We often go all out here in America for the final unofficial weekend of the summer. Thus, the Labor Day long weekend is often wrought with a full lineup of cocktails, barbecues, pot lucks, and campfires. Rich drinks and eats may go hand in hand with fireworks and long weekend celebrations, but they can pose disastrous to all of your healthy eating goals.
Here’s how you can take part in the weekend festivities while avoiding all the Labor Day weekend dietary landmines.
Photo from Dining Guide
1. Be Active as Much as Possible
Long weekends beckon us to sunbathe on the beach with a book or swing all day in a hammock with a bottomless pitcher of cocktails. But remember, you are in control of your own weekend…the key word being “control”. So take it and find every excuse to be active. If you plan to enjoy a piece of granny’s peach pie at dinner, go for a run or a long hike on the beach in the afternoon, or swim and paddle board before your meal.
2. Carbohydrate Out
What I’m referring to is dropping the white hamburger, hot dog, and bread options from your meals whenever possible. Processed, refined carbohydrate can be a source of empty carbohydrates and weight gain. So enjoy that burger, chicken breast, sausage, or mushroom bun-less. You can also savor it on a bed of leafy greens, or to make it portable and wrap it in a big kale or romaine leaf with all the healthy fixings you normally enjoy.

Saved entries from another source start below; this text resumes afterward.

Section ZoomedDeltas.
Context {R : realType} {n : nat} (d N : nat).
Context {X : set 'rV[R]_n} {s : 'rV[R]_n} {M : R}.
Context {b : 'I_(nmonomials n d) -> 'rV[R]_n}.
Hypotheses (Xs : X s) (X_l1 : forall x, X x -> l1norm x <= M).
Hypotheses (Xb : forall i, X (b i)) (bU : delta_mx d b \in unitmx).
Hypothesis KN : (nmonomials n d <= N.+1)%N.
Hypothesis zoom : forall eps, 0 < eps ->
  exists r psi, [/\ self_similitude X r psi, r < eps & (psi @` X) s].

Let coef y := dual_row d (delta d y) *m invmx (delta_mx d b).
Let G := \sum_l \sum_i `|invmx (delta_mx d b) l i|.

Lemma delta_affine_decomp (A : 'M[R]_n) t y :
  delta d (y *m A + t) = \sum_i coef y ord0 i *: delta d (b i *m A + t).
Proof. exact/delta_affine_comb/delta_decomp. Qed.

Lemma norm_coef_le y i : `|coef y ord0 i| <= (1 + l1norm y) ^+ d * G.
Proof. by apply: norm_row_mulmx_le => l; rewrite mxE; exact: norm_delta_le. Qed.

Lemma edist_le_diam x y : X x -> X y -> edist x y <= M *+ 2.
Proof.
move=> Xx Xy; rewrite mulr2n.
exact: le_trans (edist_le_l1normD x y) (lerD (X_l1 _ Xx) (X_l1 _ Xy)).
Qed.

Lemma self_similitude_l1norm_le r psi y z : self_similitude X r psi -> r <= 1 -> X z ->
  r * l1norm y <= M + edist (psi y) (psi z) *+ n.
Proof.
move=> [_ r_gt0 psi_dist _] r_le1 Xz.
have := ler_l1normD z (y - z); rewrite addrC subrK => l1y.
apply: le_trans (ler_wpM2l (ltW r_gt0) l1y) _; rewrite mulrDr; apply: lerD.
  by apply: le_trans (X_l1 _ Xz); rewrite ler_piMl ?l1norm_ge0.
by rewrite psi_dist -mulrnAr; apply: ler_wpM2l; [exact: ltW | exact: l1norm_le_edist].
Qed.

Lemma scaled_delta_in_Eprime c :
  exists C, 0 < C /\ Eprime N X (E0 d X) s (C^-1 *: delta d c).
Proof.
have M_ge0 : 0 <= M := le_trans (l1norm_ge0 s) (X_l1 _ Xs).
have G_ge0 : 0 <= G by do 2!apply: sumr_ge0 => ? _.
pose D := M *+ 2; have D_ge0 : 0 <= D by rewrite mulrn_wge0.
pose H := 1 + M + edist c s *+ n.
have H_ge0 : 0 <= H by rewrite !addr_ge0 ?mulrn_wge0 ?edist_ge0.
(* With w := coef y for psi y = c:
   |psi b_i - psi b_j|^d |w_i| <= (r D)^d (1 + |y|_1)^d G <= (D H)^d G, whatever the ratio r. *)
pose C := (D * H) ^+ d * G + 1.
have C_gt0 : 0 < C by rewrite ltr_pwDr // mulr_ge0 // exprn_ge0 // mulr_ge0.
exists C; split=> //; apply: (Eprime_E0_of_combinations d N X KN Xs) => eps eps_gt0.
have eps'_gt0 : 0 < Num.min 1 (eps / (D + 1)) by rewrite lt_min ltr01 divr_gt0 ?ltr_pwDr.
have [r [psi [psi_sim]]] := zoom _ eps'_gt0.
rewrite lt_min => /andP[r_lt1 r_lt_eps] [z Xz psiz].
have [[A AU [t psiE]] r_gt0 psi_dist psiX] := psi_sim.
have r_ge0 := ltW r_gt0.
pose y := (c - t) *m invmx A.
have psiy : psi y = c by rewrite psiE mulmxKV // subrK.
have rH : r * (1 + l1norm y) <= H.
  rewrite mulrDr mulr1 /H -addrA; apply: lerD; first exact: ltW.
  by have := self_similitude_l1norm_le _ _ y _ psi_sim (ltW r_lt1) Xz; rewrite psiy psiz.
have psib_dist i x : X x -> edist (psi (b i)) (psi x) <= r * D.
  by move=> Xx; rewrite psi_dist; apply: ler_wpM2l => //; exact: edist_le_diam.
exists (psi \o b), (fun i => coef y ord0 i / C); split.
- by move=> i; apply/psiX/Xb.
- move=> i; rewrite -psiz; apply: le_lt_trans (psib_dist i z Xz) _.
  apply: le_lt_trans (_ : r * (D + 1) < eps); last by rewrite -ltr_pdivlMr ?ltr_pwDr.
  by apply: ler_wpM2l; rewrite ?lerDl.
- rewrite -psiy psiE delta_affine_decomp scaler_sumr; apply: eq_bigr => i _.
  by rewrite /= psiE scalerA mulrC.
- move=> i j; rewrite /= normrM normfV (gtr0_norm C_gt0) mulrA ler_pdivrMr // mul1r.
  apply: le_trans (_ : (D * H) ^+ d * G <= C); last by rewrite lerDl.
  apply: le_trans (_ : (r * D) ^+ d * ((1 + l1norm y) ^+ d * G) <= _).
    apply: ler_pM; rewrite ?exprn_ge0 ?edist_ge0 ?norm_coef_le //.
    by apply: lerXn2r; rewrite ?nnegrE ?mulr_ge0 ?edist_ge0 ?psib_dist.
  have -> : (r * D) ^+ d * ((1 + l1norm y) ^+ d * G) = (D * (r * (1 + l1norm y))) ^+ d * G.
    by rewrite !exprMn; ring.
  have y_ge0 : 0 <= 1 + l1norm y by rewrite addr_ge0 ?l1norm_ge0.
  apply: ler_wpM2r => //; apply: lerXn2r; rewrite ?nnegrE ?mulr_ge0 //.
  exact: ler_wpM2l.
Qed.

End ZoomedDeltas.

Theorem theorem5p2 (R : realType) (n d : nat) (X : set 'rV[R]_n) :
  (1 <= n)%N ->
  self_similar X ->
  Hdeg_ge X d.+1 ->
  forall s : 'rV[R]_n, X s ->
  forall xi : dualP R n d, paratangent d (Ndim n d).-1 X s xi.
Proof.
move=> n_gt0 X_ss hX s Xs xi.
have [_ [_ [_ [_ [_ [X_cpt _]]]]]] := X_ss.
have [M X_l1] := compact_l1norm_bounded _ X_cpt.
have [b [Xb bU]] := exists_unisolvent_points d X hX.
have Ndim_gt0 : (0 < Ndim n d)%N by rewrite bin_gt0 leq_addl.
have KN : (nmonomials n d <= (Ndim n d).-1.+1)%N.
  by rewrite prednK // card_bmultinom_le.
have zoom := self_similar_zoom n_gt0 X_ss s Xs.
have [C C_spec] := boolp.choice (fun j => scaled_delta_in_Eprime d _ Xs X_l1 Xb bU KN zoom (b j)).
rewrite /paratangent -[(2 * _)%N]prednK ?muln_gt0 //; split=> //.
pose w := dual_row d xi *m invmx (delta_mx d b).
rewrite (delta_decomp d b xi bU) -/w.
rewrite (eq_bigr (fun j => (w ord0 j * C j) *: ((C j)^-1 *: delta d (b j)))); last first.
  by move=> j _; rewrite scalerA -mulrA mulfV ?mulr1 // lt0r_neq0 // (proj1 (C_spec j)).
apply: lspan_comb => j; apply: Eprime_mono (proj2 (C_spec j)) => a xi'.
exact: E0_sub_Eseq.
Qed.
(* Let $G=(V,E)$ be a connected, locally finite graph, with arc set $A=\{(u,v):\{u,v\}\in E\}$. Let $m_V:V\to(0,\infty)$, $m_A:A\to(0,\infty)$ and $w:A\to\mathbb{C}$ be functions. Define $d$, $d^*$, $S$ and $U=S(2d^*d-1_A)$ as in the context. Suppose that one of the following two settings holds: (Setting 1) $\sum_{e\in A:\,o(e)=u}|w(e)|^2=1$ for all $u\in V$, and $m_V(u)=1$, $m_A(e)=1$ for all $u\in V$, $e\in A$; (Setting 2) $\sum_{e\in A:\,o(e)=u}w(e)=1$ for all $u\in V$, and $m_A(e)=m_V(o(e))\,w(e)=m_V(t(e))\,w(\bar e)$ for all $e\in A$. Then $U$ preserves the norm of $\ell^2(m_A;A)$: $\|U\psi\|_{m_A,A}=\|\psi\|_{m_A,A}$ for every $\psi\in\ell^2(m_A;A)$.
   Context: For an arc $e=(u,v)\in A$, $o(e)=u$ is its origin, $t(e)=v$ its terminus, and $\bar e=(v,u)$ its inverse arc. $\ell^2(m_V;V)$ and $\ell^2(m_A;A)$ are the spaces of square-summable complex functions on $V$, resp. $A$, with inner products $\langle f_1,f_2\rangle_{m_V,V}=\sum_{u\in V}\overline{f_1(u)}f_2(u)m_V(u)$ and $\langle\psi_1,\psi_2\rangle_{m_A,A}=\sum_{e\in A}\overline{\psi_1(e)}\psi_2(e)m_A(e)$. The boundary operator is $(d\psi)(u)=\sum_{e\in A:\,t(e)=u}\overline{w(\bar e)}\,\psi(e)$, its adjoint (with respect to these inner products) is $(d^*f)(e)=f(t(e))\,m_V(t(e))\,w(\bar e)/m_A(e)$, the shift is $(S\psi)(e)=\psi(\bar e)$, and $1_A$ is the identity on functions on $A$. *)

From HB Require Import structures.
From mathcomp Require Import all_boot all_order all_algebra.
From mathcomp Require Import complex.
From mathcomp Require Import all_classical all_reals all_analysis.
Set Implicit Arguments. Unset Strict Implicit. Unset Printing Implicit Defensive.
Import Order.TTheory GRing.Theory Num.Theory.
Local Open Scope ring_scope.
Local Open Scope classical_set_scope.
Local Open Scope complex_scope.

Section QuantumWalk.
Context {R : realType} {V : choiceType}.

(* A graph on V is given by its (symmetric) adjacency relation [adj];
   {u,v} is an edge iff adj u v.  Arcs are ordered pairs e = (o(e), t(e)). *)

Definition symmetric_adj (adj : V -> V -> bool) := forall u v, adj u v = adj v u.

Definition locally_finite (adj : V -> V -> bool) :=
  forall u, finite_set [set v | adj u v].

Definition graph_connected (adj : V -> V -> bool) :=
  forall u v : V, exists s : seq V, path adj u s && (last u s == v).

Definition arcs (adj : V -> V -> bool) : set (V * V) := [set e | adj e.1 e.2].

Definition orig (e : V * V) : V := e.1.
Definition term (e : V * V) : V := e.2.
Definition inv_arc (e : V * V) : V * V := (e.2, e.1).

Definition cabs2 (z : R[i]) : R := complex.Re z ^+ 2 + complex.Im z ^+ 2.

Definition bdry (adj : V -> V -> bool) (w : V * V -> R[i]) (psi : V * V -> R[i])
  (u : V) : R[i] :=
  \sum_(v \in [set v | adj v u]) (w (inv_arc (v, u)))^* * psi (v, u).

Definition bdry_adj (mV : V -> R) (mA : V * V -> R) (w : V * V -> R[i])
  (f : V -> R[i]) (e : V * V) : R[i] :=
  f (term e) * (mV (term e))%:C * w (inv_arc e) / (mA e)%:C.

Definition shift (psi : V * V -> R[i]) (e : V * V) : R[i] := psi (inv_arc e).

Definition Uop (adj : V -> V -> bool) (mV : V -> R) (mA : V * V -> R)
  (w : V * V -> R[i]) (psi : V * V -> R[i]) : V * V -> R[i] :=
  shift (fun e => 2 * bdry_adj mV mA w (bdry adj w psi) e - psi e).

Definition l2normA2 (adj : V -> V -> bool) (mA : V * V -> R)
  (psi : V * V -> R[i]) : \bar R :=
  (\esum_(e in arcs adj) (cabs2 (psi e) * mA e)%:E)%E.

End QuantumWalk.

(* Write U = S C with C = 2 d^* d - 1.  The operator C acts separately on the
   arcs (v, u) entering each vertex u: with a(v) = psi(v, u) and the
   m_A-weighted inner product on these arcs, C is a |-> 2 m_V(u) <b, a> b - a
   for b(v) = w(u, v) / m_A(v, u), the reflection across the line spanned by b
   as soon as m_V(u) |b|^2 = 1.  Both settings give exactly this normalisation,
   and both make m_A invariant under arc reversal, so that the shift S is an
   isometry as well. *)

From HB Require Import structures.
From mathcomp Require Import all_boot all_order all_algebra.
From mathcomp Require Import complex.
From mathcomp Require Import all_classical all_reals all_analysis.
From mathcomp Require Import finmap ring.
Set Implicit Arguments.
Unset Strict Implicit.
Unset Printing Implicit Defensive.
Import Order.TTheory GRing.Theory Num.Theory.
Local Open Scope ring_scope.
Local Open Scope classical_set_scope.
Local Open Scope complex_scope.

Section SquaredModulus.
Variable R : realType.

(* Under [complex_scope], [z^*] is [conjc z], except inside a big operator,
   whose body is read in [ring_scope] where it is [Num.conj z] (as in [bdry]).
   We state everything with [Num.conj], writing [^*%R] outside big operators. *)

Lemma conjCM (x y : R[i]) : (x * y)^*%R = x^*%R * y^*%R. Proof. exact: rmorphM. Qed.

Lemma conjCB (x y : R[i]) : (x - y)^*%R = x^*%R - y^*%R. Proof. exact: rmorphB. Qed.

Lemma conjCV (x : R[i]) : (x^-1)^*%R = (x^*%R)^-1. Proof. exact: fmorphV. Qed.

Lemma conjC_sum (I : Type) (s : seq I) (F : I -> R[i]) :
  (\sum_(i <- s) F i)^*%R = \sum_(i <- s) (F i)^*.
Proof. exact: rmorph_sum. Qed.

Lemma conjC_complex_real (x : R) : (x%:C)^*%R = x%:C. Proof. exact: conjc_real. Qed.

Lemma cabs2E (z : R[i]) : (cabs2 z)%:C = z * z^*%R.
Proof. by rewrite /cabs2 add_Re2_Im2 sqr_normc. Qed.

Lemma cabs2_real (x : R) : cabs2 x%:C = x ^+ 2.
Proof. by rewrite /cabs2 /= expr0n addr0. Qed.

Lemma cabs2_ge0 (z : R[i]) : 0 <= cabs2 z.
Proof. by rewrite /cabs2 addr_ge0 ?sqr_ge0. Qed.

Lemma sum_cabs2_mulE (I : Type) (s : seq I) (f : I -> R[i]) (m : I -> R) :
  (\sum_(i <- s) cabs2 (f i) * m i)%:C = \sum_(i <- s) f i * (f i)^* * (m i)%:C.
Proof. by rewrite rmorph_sum; apply: eq_bigr => i _; rewrite rmorphM -cabs2E. Qed.

End SquaredModulus.

Section WeightedReflection.
Variables (R : realType) (I : eqType) (s : seq I) (m : I -> R) (c : I -> R[i]) (M : R).
Hypothesis m_neq0 : forall i, i \in s -> m i != 0.
Hypothesis c_normalized : M * \sum_(i <- s) cabs2 (c i) / m i = 1.

Lemma reflection_weighted_norm (a : I -> R[i]) :
  \sum_(i <- s) cabs2 (2 * ((\sum_(j <- s) (c j)^* * a j) * M%:C * c i / (m i)%:C) - a i) * m i
  = \sum_(i <- s) cabs2 (a i) * m i.
Proof.
set S := \sum_(j <- s) (c j)^* * a j.
have conjS : S^*%R = \sum_(j <- s) c j * (a j)^*.
  by rewrite conjC_sum; apply: eq_bigr => j _; rewrite conjCM conjCK mulrC.
have c_normalizedC : M%:C * \sum_(i <- s) c i * (c i)^* / (m i)%:C = 1.
  rewrite -[1]/(1%:C) -c_normalized rmorphM rmorph_sum; congr (_ * _).
  by apply: eq_bigr => i _; rewrite rmorphM fmorphV -cabs2E.
apply: complexI; rewrite !sum_cabs2_mulE.
transitivity (\sum_(i <- s) (4 * S * S^*%R * M%:C * (M%:C * (c i * (c i)^* / (m i)%:C))
   - 2 * S * M%:C * (c i * (a i)^*) - 2 * S^*%R * M%:C * ((c i)^* * a i)
   + a i * (a i)^* * (m i)%:C)).
  apply: eq_big_seq => i s_i.
  have mC : (m i)%:C != 0 by rewrite eq_complex /= eqxx andbT m_neq0.
  rewrite conjCB !conjCM conjCV !conjC_complex_real conjC_nat.
  by field.
rewrite !big_split /= !sumrN -!mulr_sumr c_normalizedC -conjS -/S.
ring.
Qed.

End WeightedReflection.

Section ArcSums.
Variables (R : realType) (V : choiceType) (adj : V -> V -> bool).
Local Open Scope ereal_scope.

Lemma arcs_inv_arc (e : V * V) : symmetric_adj adj -> arcs adj e -> arcs adj (inv_arc e).
Proof. by case: e => u v adj_sym; rewrite /arcs /= adj_sym. Qed.

Lemma arcs_swap (u v : V) : symmetric_adj adj -> adj u v -> arcs adj (v, u).
Proof. by move=> adj_sym; apply: (@arcs_inv_arc (u, v)). Qed.

Lemma esum_arcs_inv_arc (f : V * V -> \bar R) : symmetric_adj adj ->
  \esum_(e in arcs adj) f (inv_arc e) = \esum_(e in arcs adj) f e.
Proof.
move=> adj_sym; apply/esym/reindex_esum; split.
- by move=> e /arcs_inv_arc; apply.
- by move=> [u v] [u' v'] _ _ [-> ->].
- by move=> [u v] uv; exists (v, u) => //; apply: arcs_inv_arc uv.
Qed.

Lemma esum_arcs_by_term (f : V * V -> \bar R) : (forall e, arcs adj e -> 0 <= f e) ->
  \esum_(e in arcs adj) f e = \esum_(u in setT) \esum_(v in [set v | adj v u]) f (v, u).
Proof.
move=> f_ge0; rewrite esum_esum; last by move=> u v _ vu; apply: f_ge0.
apply: (reindex_esum _ _ (fun e : V * V => (e.2, e.1))); split.
- by move=> [u v] [_ /=].
- by move=> [u v] [u' v'] _ _ [-> ->].
- by move=> [v u] vu; exists (u, v).
Qed.

Lemma esum_finite_setE (A : set V) (g : V -> R) : finite_set A ->
  (forall x, A x -> (0 <= g x)%R) -> \esum_(x in A) (g x)%:E = (\sum_(x \in A) g x)%:E.
Proof.
move=> finA g_ge0; rewrite esum_fset ?fsumEFin //.
by move=> x; rewrite in_setE lee_fin => /g_ge0.
Qed.

End ArcSums.

Section NormPreservation.
Variables (R : realType) (V : choiceType) (adj : V -> V -> bool).
Variables (mV : V -> R) (mA : V * V -> R) (w : V * V -> R[i]).
Hypothesis adj_sym : symmetric_adj adj.
Hypothesis adj_lf : locally_finite adj.
Hypothesis mA_gt0 : forall e, arcs adj e -> 0 < mA e.
Hypothesis mA_inv_arc : forall e, arcs adj e -> mA (inv_arc e) = mA e.
Hypothesis w_normalized :
  forall u, mV u * \sum_(v \in [set v | adj u v]) cabs2 (w (u, v)) / mA (v, u) = 1.

Definition coin (psi : V * V -> R[i]) (e : V * V) : R[i] :=
  2 * bdry_adj mV mA w (bdry adj w psi) e - psi e.

Lemma Uop_shift_coin (psi : V * V -> R[i]) : Uop adj mV mA w psi = shift (coin psi).
Proof. by []. Qed.

Lemma in_neighbours_sym (u : V) : [set v | adj v u] = [set v | adj u v].
Proof. by apply: funext => v /=; rewrite adj_sym. Qed.

Lemma finite_in_neighbours (u : V) : finite_set [set v | adj v u].
Proof. by rewrite in_neighbours_sym; apply: adj_lf. Qed.

Lemma weighted_cabs2_ge0 (psi : V * V -> R[i]) (e : V * V) :
  arcs adj e -> 0 <= cabs2 (psi e) * mA e.
Proof. by move=> ae; rewrite mulr_ge0 ?cabs2_ge0 // ltW // mA_gt0. Qed.

Lemma l2normA2_shift (psi : V * V -> R[i]) :
  l2normA2 adj mA (shift psi) = l2normA2 adj mA psi.
Proof.
rewrite /l2normA2 -[RHS](esum_arcs_inv_arc _ adj_sym); apply: eq_esum => e ae.
by rewrite /shift mA_inv_arc.
Qed.

Lemma esum_coin_in_neighbours (psi : V * V -> R[i]) (u : V) :
  (\esum_(v in [set v | adj v u]) (cabs2 (coin psi (v, u)) * mA (v, u))%:E =
   \esum_(v in [set v | adj v u]) (cabs2 (psi (v, u)) * mA (v, u))%:E)%E.
Proof.
have vu_arc v : v \in fset_set [set v | adj v u] -> arcs adj (v, u).
  by rewrite (in_fset_set (finite_in_neighbours u)) in_setE.
rewrite !esum_finite_setE; try exact: finite_in_neighbours;
  try by move=> v vu; apply: weighted_cabs2_ge0.
congr (_%:E); rewrite /coin /bdry_adj /bdry /= !fsbig_finite;
  try exact: finite_in_neighbours.
apply: reflection_weighted_norm => [v /vu_arc /mA_gt0 /lt0r_neq0 //|].
have := w_normalized u; rewrite -in_neighbours_sym fsbig_finite //.
exact: finite_in_neighbours.
Qed.

Lemma l2normA2_coin (psi : V * V -> R[i]) :
  l2normA2 adj mA (coin psi) = l2normA2 adj mA psi.
Proof.
rewrite /l2normA2 !esum_arcs_by_term;
  try by move=> e ae; rewrite lee_fin weighted_cabs2_ge0.
by apply: eq_esum => u _; apply: esum_coin_in_neighbours.
Qed.

Lemma l2normA2_Uop (psi : V * V -> R[i]) :
  l2normA2 adj mA (Uop adj mV mA w psi) = l2normA2 adj mA psi.
Proof. by rewrite Uop_shift_coin l2normA2_shift l2normA2_coin. Qed.

End NormPreservation.

Section Settings.
Variables (R : realType) (V : choiceType) (adj : V -> V -> bool).
Variables (mV : V -> R) (mA : V * V -> R) (w : V * V -> R[i]).
Hypothesis adj_sym : symmetric_adj adj.

Lemma normalized_setting1 (u : V) :
  \sum_(v \in [set v | adj u v]) cabs2 (w (u, v)) = 1 -> mV u = 1 ->
  (forall e, arcs adj e -> mA e = 1) ->
  mV u * \sum_(v \in [set v | adj u v]) cabs2 (w (u, v)) / mA (v, u) = 1.
Proof.
move=> w_sum mV1 mA1; rewrite mV1 mul1r -w_sum; apply: eq_fsbigr => v.
by rewrite in_setE => uv; rewrite mA1 ?divr1 //; exact: arcs_swap.
Qed.

Lemma mA_inv_arc_setting2 :
  (forall e, arcs adj e ->
     (mA e)%:C = (mV (orig e))%:C * w e /\ (mA e)%:C = (mV (term e))%:C * w (inv_arc e)) ->
  forall e, arcs adj e -> mA (inv_arc e) = mA e.
Proof.
move=> mA_w e ae; apply: complexI.
by rewrite (mA_w _ (arcs_inv_arc adj_sym ae)).1 (mA_w e ae).2.
Qed.

Lemma normalized_setting2 (u : V) :
  locally_finite adj -> 0 < mV u -> (forall e, arcs adj e -> 0 < mA e) ->
  \sum_(v \in [set v | adj u v]) w (u, v) = 1 ->
  (forall e, arcs adj e -> (mA e)%:C = (mV (term e))%:C * w (inv_arc e)) ->
  mV u * \sum_(v \in [set v | adj u v]) cabs2 (w (u, v)) / mA (v, u) = 1.
Proof.
move=> adj_lf mV_gt0 mA_gt0 w_sum mA_w.
have w_real v : adj u v -> w (u, v) = (mA (v, u) / mV u)%:C.
  move=> uv; have mVC : (mV u)%:C != 0 by rewrite eq_complex /= eqxx andbT gt_eqF.
  apply: (mulfI mVC); rewrite -rmorphM mulrCA divff ?gt_eqF // mulr1.
  exact/esym/(mA_w (v, u) (arcs_swap adj_sym uv)).
rewrite mulr_fsumr.
transitivity (\sum_(v \in [set v | adj u v]) mA (v, u) / mV u).
  apply: eq_fsbigr => v; rewrite in_setE => uv.
  have mA_neq0 : mA (v, u) != 0.
    by rewrite gt_eqF // mA_gt0 //; exact: arcs_swap.
  rewrite w_real // cabs2_real; field.
  by rewrite mA_neq0 gt_eqF.
apply: complexI; rewrite fsbig_finite // rmorph_sum -[1%:C]/(1 : R[i]) -w_sum fsbig_finite //.
by apply: eq_big_seq => v; rewrite in_fset_set // in_setE => /w_real ->.
Qed.

End Settings.

Theorem proposition1 (R : realType) (V : choiceType) (adj : V -> V -> bool)
  (mV : V -> R) (mA : V * V -> R) (w : V * V -> R[i]) :
  symmetric_adj adj ->
  locally_finite adj ->
  graph_connected adj ->
  (forall u, 0 < mV u) ->
  (forall e, arcs adj e -> 0 < mA e) ->
  ( (* Setting 1 *)
    ((forall u, \sum_(v \in [set v | adj u v]) cabs2 (w (u, v)) = 1) /\
     (forall u, mV u = 1) /\ (forall e, arcs adj e -> mA e = 1))
  \/ (* Setting 2 *)
    ((forall u, \sum_(v \in [set v | adj u v]) w (u, v) = 1) /\
     (forall e, arcs adj e ->
        (mA e)%:C = (mV (orig e))%:C * w e /\
        (mA e)%:C = (mV (term e))%:C * w (inv_arc e))) ) ->
  forall psi : V * V -> R[i],
    (l2normA2 adj mA psi < +oo)%E ->
    l2normA2 adj mA (Uop adj mV mA w psi) = l2normA2 adj mA psi.
Proof.
move=> adj_sym adj_lf _ mV_gt0 mA_gt0 setting psi _.
case: setting => [[w_sum [mV1 mA1]] | [w_sum mA_w]]; apply: l2normA2_Uop => //.
- by move=> e ae; rewrite !mA1 //; apply: arcs_inv_arc.
- by move=> u; apply: normalized_setting1.
- exact: (mA_inv_arc_setting2 adj_sym mA_w).
- by move=> u; apply: normalized_setting2 => // e /mA_w [].
Qed.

Photo from Downtown Naperville
3. Resist the Urge to Skip Meals
The ideology that “I can eat and drink whatever I want at tonight’s BBQ as long as I skip breakfast and lunch” is a tricky, and often dangerous promise. After all, this thinking doesn’t often balance out, especially if you’re hungry and not thinking with your head, but your ravenous appetite. Starving yourself will cause your blood sugar to drop, and you’ll be so hungry you’ll almost certainly overindulge.
Photo from Realsimple
4. Drink This, Not That
Well, you can also choose to imbibe simple, lighter beverage options this long weekend to avoid sugar- and caloric-soaring cocktails. For instance, rather than mixing up a fruity concoction full of syrups and fake fruity liquors (i.e., mojitos, sangria, mimosas)—stick to simple, lower calorie sippers such as white wine spritzers or vodka (or gin) and soda with a splash of fresh lime.